One more thought in this complex plot is the Circumlocution office, perhaps the most humorous section of the book. Dickens says of it:
The Circumlocution Office was (as everybody knows without being told) the most important Department under government. No public business of any kind could possibly be done at any time, without the acquiescence of the Circumlocution office. Its finger was in the largest public pie, and in the smallest public tart. It was equally impossible to do the plainest right and to undo the plainest wrong, without the express authority of the Circumlocution Office. If another Gunpowder Plot had been discovered half an hour before the lighting of the match, nobody would have been justified in saving the parliament until there had been half a score of boards, half a bushel of minutes, several sacks of official memoranda, and a family-vault-full of ungrammatical correspondence, on the part of the Circumlocution Office. (Little Dorrit, Ch.X pg. 75)

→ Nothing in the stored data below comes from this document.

Lemma is_RInt_ln_mckay_density_of_chord (v : R) :
  is_RInt (fun t => ln (chord t) * weight t) 0 PI v ->
  is_RInt (fun x => ln x * mckay_density a b x) a b v.
Proof.
  intros Hv. pose proof PI_RGT_0.
  set (f := fun x => ln x * mckay_density a b x).
  assert (Hcomp : is_RInt (fun t => scal ((b - a) / 2 * sin t) (f (chord t))) 0 PI
                    (RInt f (chord 0) (chord PI))).
  { apply (@is_RInt_comp R_CompleteNormedModule).
    - intros t _. apply continuous_ln_mckay_density, chord_bounds.
    - intros t _. split; [apply is_derive_chord|].
      apply (@ex_derive_continuous R_AbsRing R_NormedModule). auto_derive. auto. }
  replace (chord 0) with a in Hcomp by (unfold chord; rewrite cos_0; field).
  replace (chord PI) with b in Hcomp by (unfold chord; rewrite cos_PI; field).
  assert (HRInt : RInt f a b = v).
  { apply (is_RInt_unique (fun t => ln (chord t) * weight t)) in Hv.
    rewrite <- Hv. symmetry. apply is_RInt_unique.
    eapply is_RInt_ext; [|exact Hcomp].
    intros t Ht. rewrite Rmin_left, Rmax_right in Ht by lra.
    rewrite <- mckay_density_chord by lra.
    unfold f, scal; simpl; unfold mult; simpl. ring. }
  rewrite <- HRInt.
  apply (@RInt_correct R_CompleteNormedModule), (@ex_RInt_continuous R_CompleteNormedModule).
  intros x Hx. rewrite Rmin_left, Rmax_right in Hx by lra.
  apply continuous_ln_mckay_density, Hx.
Qed.

Lemma affine_chord_pos (s t : R) : s < / (1 - a) -> 0 < 1 - s + s * chord t.
Proof.
  intros Hs. pose proof (chord_bounds t).
  apply (Rmult_lt_compat_r (1 - a)) in Hs; [|lra].
  rewrite Rinv_l in Hs by lra.
  destruct (Rle_lt_dec 0 s); nra.
Qed.

Lemma le_1_lt_inv_1_minus_a (s : R) : s <= 1 -> s < / (1 - a).
Proof.
  intros Hs. apply (Rle_lt_trans _ 1); [lra|].
  rewrite <- Rinv_1. apply Rinv_lt_contravar; lra.
Qed.

Lemma ex_RInt_ln_affine_chord (s : R) : s < / (1 - a) ->
  ex_RInt (fun t => ln (1 - s + s * chord t) * weight t) 0 PI.
Proof.
  intros Hs. apply (@ex_RInt_continuous R_CompleteNormedModule).
  intros t _. apply (@ex_derive_continuous R_AbsRing R_NormedModule).
  pose proof (affine_chord_pos s t Hs).
  apply ex_derive_mult; [|apply ex_derive_weight].
  unfold chord in *. auto_derive. lra.
Qed.

Definition log_moment (s : R) : R :=
  RInt (fun t => ln (1 - s + s * chord t) * weight t) 0 PI.

Lemma is_derive_log_moment (s : R) : s < / (1 - a) ->
  is_derive log_moment s
    (RInt (fun t => (chord t - 1) * weight t / (1 - s + s * chord t)) 0 PI).
Proof.
  intros Hs. pose proof PI_RGT_0.
  apply (is_derive_RInt_param_open
           (fun s t => ln (1 - s + s * chord t) * weight t)
           (fun s t => (chord t - 1) * weight t / (1 - s + s * chord t))
           (fun u => u < / (1 - a))); auto; [lra|apply open_lt|..].
  - intros u t Hu. pose proof (affine_chord_pos u t Hu).
    auto_derive; [lra|field; lra].
  - intros t _. pose proof (affine_chord_pos s t Hs).
    apply continuity_2d_pt_div_affine; [| |lra]; apply continuity_pt_of_ex_derive.
    + apply ex_derive_mult; [unfold chord; auto_derive; auto|apply ex_derive_weight].
    + eexists; apply is_derive_chord.
  - apply ex_RInt_ln_affine_chord.
Qed.

Definition quad_root (s : R) : R := sqrt ((1 - s + s * a) * (1 - s + s * b)).

Lemma quad_root_spec (s : R) : 0 <= s <= 1 ->
  0 < quad_root s /\ quad_root s * quad_root s = (1 - s + s * a) * (1 - s + s * b).
Proof.
  intros Hs. assert (0 < (1 - s + s * a) * (1 - s + s * b)).
  { apply Rmult_lt_0_compat; nra. }
  split; [apply sqrt_lt_R0|apply sqrt_sqrt]; lra.
Qed.

Definition log_moment_derivative (s : R) : R :=
  mckay_C a b / 2 * (sqrt (a * b) / (1 - s) + / s
    - quad_root s / (s * (1 - s))).

Lemma is_RInt_log_moment_derivative (s : R) : 0 < s < 1 ->
  is_RInt (fun t => (chord t - 1) * weight t / (1 - s + s * chord t)) 0 PI
    (log_moment_derivative s).
Proof.
  intros Hs. pose proof PI_RGT_0.
  set (c := (a + b) / 2). set (r := (b - a) / 2). set (A := 1 - s + s * c).
  assert (Hr : 0 < r) by (unfold r; lra).
  pose proof (is_RInt_sin2_div_affine_cos c r Hr ltac:(unfold c, r; lra)) as I1.
  pose proof (is_RInt_sin2_div_affine_cos A (s * r) ltac:(nra)
                ltac:(unfold A, c, r; nra)) as I2.
  set (K := - (mckay_C a b * r * r / (2 * PI * (1 - s)))).
  (* partial fractions:
     [(x - 1) / (x (1 - x) (1 - s + s x)) = - (1 / x - s / (1 - s + s x)) / (1 - s)] *)
  pose proof (is_RInt_scal _ _ _ K _ (is_RInt_minus _ _ _ _ _ _ I1 (is_RInt_scal _ _ _ s _ I2)))
    as I.
  replace (log_moment_derivative s) with
    (K * (PI * (c - sqrt (c * c - r * r)) / (r * r)
          - s * (PI * (A - sqrt (A * A - s * r * (s * r))) / (s * r * (s * r))))).
  - eapply is_RInt_ext; [|exact I]. intros t _. pose proof (chord_bounds t).
    pose proof (affine_chord_pos s t (le_1_lt_inv_1_minus_a s ltac:(lra))).
    unfold scal, minus, plus, opp; simpl; unfold mult; simpl.
    replace (c - r * cos t) with (chord t) by (unfold chord, c, r; ring).
    replace (A - s * r * cos t) with (1 - s + s * chord t) by (unfold chord, A, c, r; ring).
    unfold weight, K. fold r. field. repeat split; lra.
  - replace (c * c - r * r) with (a * b) by (unfold c, r; field).
    replace (A * A - s * r * (s * r)) with ((1 - s + s * a) * (1 - s + s * b))
      by (unfold A, c, r; field).
    unfold log_moment_derivative, quad_root, K, A, c. fold r. field. repeat split; lra.
Qed.

(* The arguments of the logarithms produced by Euler's substitution in
   [int ds / (s q)], [int ds / ((1 - s) q)] and [int ds / q], where [q = quad_root s]. *)
Definition euler0 (s : R) : R := 2 - (2 - a - b) * s + 2 * quad_root s.
Definition euler1 (s : R) : R :=
  2 * (a * b) + (a * (1 - b) + b * (1 - a)) * (1 - s) + 2 * sqrt (a * b) * quad_root s.
Definition euler2 (s : R) : R :=
  2 - a - b - 2 * ((1 - a) * (1 - b)) * s + 2 * sqrt ((1 - a) * (1 - b)) * quad_root s.

Lemma euler_pos (s : R) : 0 <= s <= 1 -> 0 < euler0 s /\ 0 < euler1 s /\ 0 < euler2 s.
Proof.
  intros Hs.
  destruct (quad_root_spec s Hs) as [Hq _].
  destruct (sqrt_prod_spec a b) as [Hg _]; [lra|lra|].
  destruct (sqrt_prod_spec (1 - a) (1 - b)) as [Hh _]; [lra|lra|].
  unfold euler0, euler1, euler2.
  split; [|split]; [nra| |].
  - assert (0 <= (a * (1 - b) + b * (1 - a)) * (1 - s)) by (apply Rmult_le_pos; nra). nra.
  - assert (0 < (1 - a) * (1 - b)) by nra. nra.
Qed.

Lemma is_derive_ln_euler0 (s : R) : 0 < s < 1 ->
  is_derive (fun s => ln (euler0 s)) s ((quad_root s - 1) / (s * quad_root s)).
Proof.
  intros Hs.
  destruct (quad_root_spec s) as [Hq Hqq]; [lra|].
  destruct (euler_pos s) as [HN _]; [lra|].
  unfold euler0, quad_root in *.
  auto_derive; change (1 + - s) with (1 - s) in *; [repeat split; nra|].
  set (q := sqrt ((1 - s + s * a) * (1 - s + s * b))) in *.
  field_simplify_eq; [|repeat split; lra].
  elim_square q Hqq; ring.
Qed.

Lemma is_derive_ln_euler1 (s : R) : 0 < s < 1 ->
  is_derive (fun s => ln (euler1 s)) s
    ((sqrt (a * b) - quad_root s) / (quad_root s * (1 - s))).
Proof.
  intros Hs.
  destruct (quad_root_spec s) as [Hq Hqq]; [lra|].
  destruct (sqrt_prod_spec a b) as [Hg Hgg]; [lra|lra|].
  destruct (euler_pos s) as [_ [HN _]]; [lra|].
  unfold euler1, quad_root in *.
  auto_derive; change (1 + - s) with (1 - s) in *; [repeat split; nra|].
  set (q := sqrt ((1 - s + s * a) * (1 - s + s * b))) in *.
  set (g := sqrt (a * b)) in *.
  field_simplify_eq; [|repeat split; lra].
  elim_square q Hqq; elim_square g Hgg; ring.
Qed.

Lemma is_derive_ln_euler2 (s : R) : 0 < s < 1 ->
  is_derive (fun s => ln (euler2 s)) s (- sqrt ((1 - a) * (1 - b)) / quad_root s).
Proof.
  intros Hs.
  destruct (quad_root_spec s) as [Hq Hqq]; [lra|].
  destruct (sqrt_prod_spec (1 - a) (1 - b)) as [Hh Hhh]; [lra|lra|].
  destruct (euler_pos s) as [_ [_ HN]]; [lra|].
  unfold euler2, quad_root in *.
  auto_derive; change (1 + - s) with (1 - s) in *; [repeat split; nra|].
  set (q := sqrt ((1 - s + s * a) * (1 - s + s * b))) in *.
  set (h := sqrt ((1 - a) * (1 - b))) in *.
  field_simplify_eq; [|repeat split; lra].
  elim_square q Hqq; elim_square h Hhh; ring.
Qed.

Definition log_moment_primitive (s : R) : R :=
  mckay_C a b / 2 * (ln (euler0 s) - sqrt (a * b) * ln (euler1 s)
                     - sqrt ((1 - a) * (1 - b)) * ln (euler2 s)).

Lemma is_derive_log_moment_primitive (s : R) : 0 < s < 1 ->
  is_derive log_moment_primitive s (log_moment_derivative s).
Proof.
  intros Hs.
  pose proof (is_derive_scal _ s (mckay_C a b / 2) _
    (is_derive_minus _ _ s _ _
      (is_derive_minus _ _ s _ _ (is_derive_ln_euler0 s Hs)
        (is_derive_scal _ s (sqrt (a * b)) _ (is_derive_ln_euler1 s Hs)))
      (is_derive_scal _ s (sqrt ((1 - a) * (1 - b))) _ (is_derive_ln_euler2 s Hs)))) as D.
  unfold scal, minus, plus, opp in D; simpl in D; unfold mult in D; simpl in D.
  match type of D with is_derive _ _ ?d => replace (log_moment_derivative s) with d end.
  { eapply is_derive_ext; [|exact D]. intro u. reflexivity. }
  destruct (quad_root_spec s) as [Hq Hqq]; [lra|].
  destruct (sqrt_prod_spec a b) as [Hg Hgg]; [lra|lra|].
  destruct (sqrt_prod_spec (1 - a) (1 - b)) as [Hh Hhh]; [lra|lra|].
  unfold log_moment_derivative.
  set (q := quad_root s) in *. set (g := sqrt (a * b)) in *.
  set (h := sqrt ((1 - a) * (1 - b))) in *.
  field_simplify_eq; [|repeat split; lra].
  elim_square q Hqq; elim_square g Hgg; elim_square h Hhh; ring.
Qed.

Lemma continuity_pt_log_moment_primitive (s : R) : 0 <= s <= 1 ->
  continuity_pt log_moment_primitive s.
Proof.
  intros Hs.
  destruct (euler_pos s Hs) as [H0 [H1 H2]].
  destruct (quad_root_spec s Hs) as [Hq Hqq].
  apply continuity_pt_of_ex_derive.
  unfold log_moment_primitive, euler0, euler1, euler2, quad_root in *.
  auto_derive; change (1 + - s) with (1 - s); repeat split; nra.
Qed.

Arthur Clennam’s investigation of William Dorrit’s imprisonment finds him scouring records at the circumlocution office; he is constantly re-directed by the Barnacle family who are aghast that the man wants to know something. Later when Arthur Clennam is in the Marshalsea, he pays Mr. Dorrit’s debts, yet the Circumlocution office shuts him down again, preventing him— by its bureaucratic “efficiency”—from finding out who his creditors are.
We see another run in when Mr. Clennam attempts to assist a local inventor, Mr. Doyce, whose inventions are locked up in the endless paperwork of the Circumlocution office awaiting patents. Andrew Davies’ BBC series adaption depicts this brilliantly, with a roundabout staircase littered with papers and files, secretaries sitting by talking but doing no work, holding up all the business of the country. Such is today the machinery of government and business; the outcome of government that is not based on justice but on the wealth and connection of the upper crust.
In the end, every character in the book gets what they deserve (and a few what they do not deserve, such as poor Arthur Clennam). Confronted with the shadow of confinement from which he never escapes, William Dorrit goes mad and dies with his wealth, but without real freedom. We see along with the conceited pride and despair of Mr. Dorrit the unforgiving caprice of Mrs. Clennam, and in an assortment of other characters, the character of Dickens’ father and even of Dickens himself.
Secondarily, we find in the book today’s poor, who are not merely marginalized, but also imprisoned in prisons of debt and consumerism. The prison of our poor is indeed created from above, especially through the hand of today’s economy of debt-based money creation. Yet it is also true that it is bought and built from below. The prestige and pride of having so many cheap appliances, usually bought on credit, becomes the servitude of the poor who are in a debtor’s prison made to look as glorious as a Hilton, but is just as enslaving. A man from India once observed, “Your poor are fat!” They are still not free.
Lastly, what we can take away from Little Dorrit? Debtors prisons, dastardly villains, evil bankers, and heroes. We can become Mr. Dorrit, looking for others to entreat us, pamper us, and pity us in all the wrong ways, and turn around with ingratitude when things change for the better. The book is not a book on the evils of wealth, but the evils of pride and despair, the twin prisons of the Marshalsea and “society”, each of which have only one escape, virtue. Economics placing value on human life and human experience, and love which makes it meaningful. I fear if no Marshalseas are being built now, our society builds them in their hearts.